Google v. Oracle: Takeaways for Software Preservation, Cultural Heritage, and Fair Use Generally (2021 Reflection) | Software Preservation Network (SPN)

“On April 5, 2021, the Supreme Court issued its opinion on the long-running litigation between Oracle and Google over the reuse of aspects of Oracle’s Java programming framework in Google’s Android mobile operating system. The majority opinion, written by Justice Breyer and joined by five of his fellow justices (Chief Justice Roberts, and Justices Kagan, Sotomayor, Kavanaugh, and Gorsuch), sided with Google, saying its use was lawful because it was protected by fair use. Justice Thomas wrote a dissent, joined only by Justice Alito, arguing that Google’s use was infringing. The newest Justice, Amy Coney Barrett, did not participate in the arguments or decision of the case as it predated her joining the Court. More background on the case can be found in my earlier blog post for SPN summarizing the oral arguments.

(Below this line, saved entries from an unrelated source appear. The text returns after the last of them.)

Lemma rel_coal_list_detects_fun l : Forall rel_coal_detects_fun l ->
  forall as_ bs,
  positive_modes (lay_flat (LNode as_)) -> positive_modes (lay_flat (LNode bs)) ->
  Forall2 refines (map shape as_) l -> Forall2 refines (map shape bs) l ->
  same_fun (lay_flat (LNode as_)) (lay_flat (LNode bs)) <->
  rel_coal_list as_ l = rel_coal_list bs l.
Proof.
  induction 1 as [|X l HX _ IH]; intros as_ bs Pa Pb Ra Rb.
  - destruct as_; [|inversion Ra]. destruct bs; [|inversion Rb].
    split; [reflexivity|]. intros _. split; [reflexivity|]. auto.
  - destruct as_ as [|a as_]; [inversion Ra|]. destruct bs as [|b bs]; [inversion Rb|].
    inversion Ra; subst. inversion Rb; subst.
    change (lay_flat (LNode (?c :: ?cs))) with (lay_flat c ++ lay_flat (LNode cs)) in *.
    apply Forall_app in Pa as [Pa1 Pa2]. apply Forall_app in Pb as [Pb1 Pb2].
    assert (E1 := refines_modes_size a b X ltac:(assumption) ltac:(assumption)).
    assert (E2 := refines_modes_size (LNode as_) (LNode bs) (NNode l)
                    ltac:(apply refines_node; assumption) ltac:(apply refines_node; assumption)).
    rewrite same_fun_app by assumption.
    rewrite (HX a b), (IH as_ bs) by assumption.
    cbn [rel_coal_list]. split; [intros [-> ->]; reflexivity|intro H; injection H; auto].
Qed.

Lemma rel_coal_detects_fun_all X : rel_coal_detects_fun X.
Proof.
  induction X as [n|l IH] using ntup_nested_ind; intros A B PA PB RA RB.
  - apply same_fun_iff_coal; assumption.
  - destruct A as [s d|as_]; [destruct RA|]. destruct B as [t e|bs]; [destruct RB|].
    cbn [shape] in RA, RB. apply refines_node in RA. apply refines_node in RB.
    rewrite !rel_coal_node, (rel_coal_list_detects_fun l IH as_ bs) by assumption.
    split; [intros ->; reflexivity|intro H; injection H; auto].
Qed.

Theorem mainTheorem17 (A B : layout) (Sbar : ntup) :
  is_layout A -> is_layout B ->
  refines (shape A) Sbar -> refines (shape B) Sbar ->
  (phi_eq A B <-> rel_coal A Sbar = rel_coal B Sbar).
Proof.
  intros HA HB RA RB. rewrite phi_eq_same_fun.
  apply rel_coal_detects_fun_all; auto using is_layout_positive_modes.
Qed.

Justice Breyer’s opinion is already a landmark for the reasons I laid out there: it is the first Supreme Court opinion to address fair use in nearly thirty years—the last one was Campbell v. Acuff-Rose in 1994. And it is the first Supreme Court opinion to address copyright’s protection for software—ever. And now we know that the opinion will be a milestone for another reason: it is a confident, erudite treatment of the issue by a Justice who has been thinking about copyright and software for more than half a century. As a law professor, Stephen Breyer earned tenure at Harvard based on his 1970 article, “The Uneasy Case for Copyright: A Study of Copyright in Books, Photocopies, and Computer Programs.” The opinion is thus a very happy coincidence: a thorny and consequential issue confronted by a subtle and experienced thinker. The results are quite encouraging for software preservation and for cultural heritage institutions and fair users generally….”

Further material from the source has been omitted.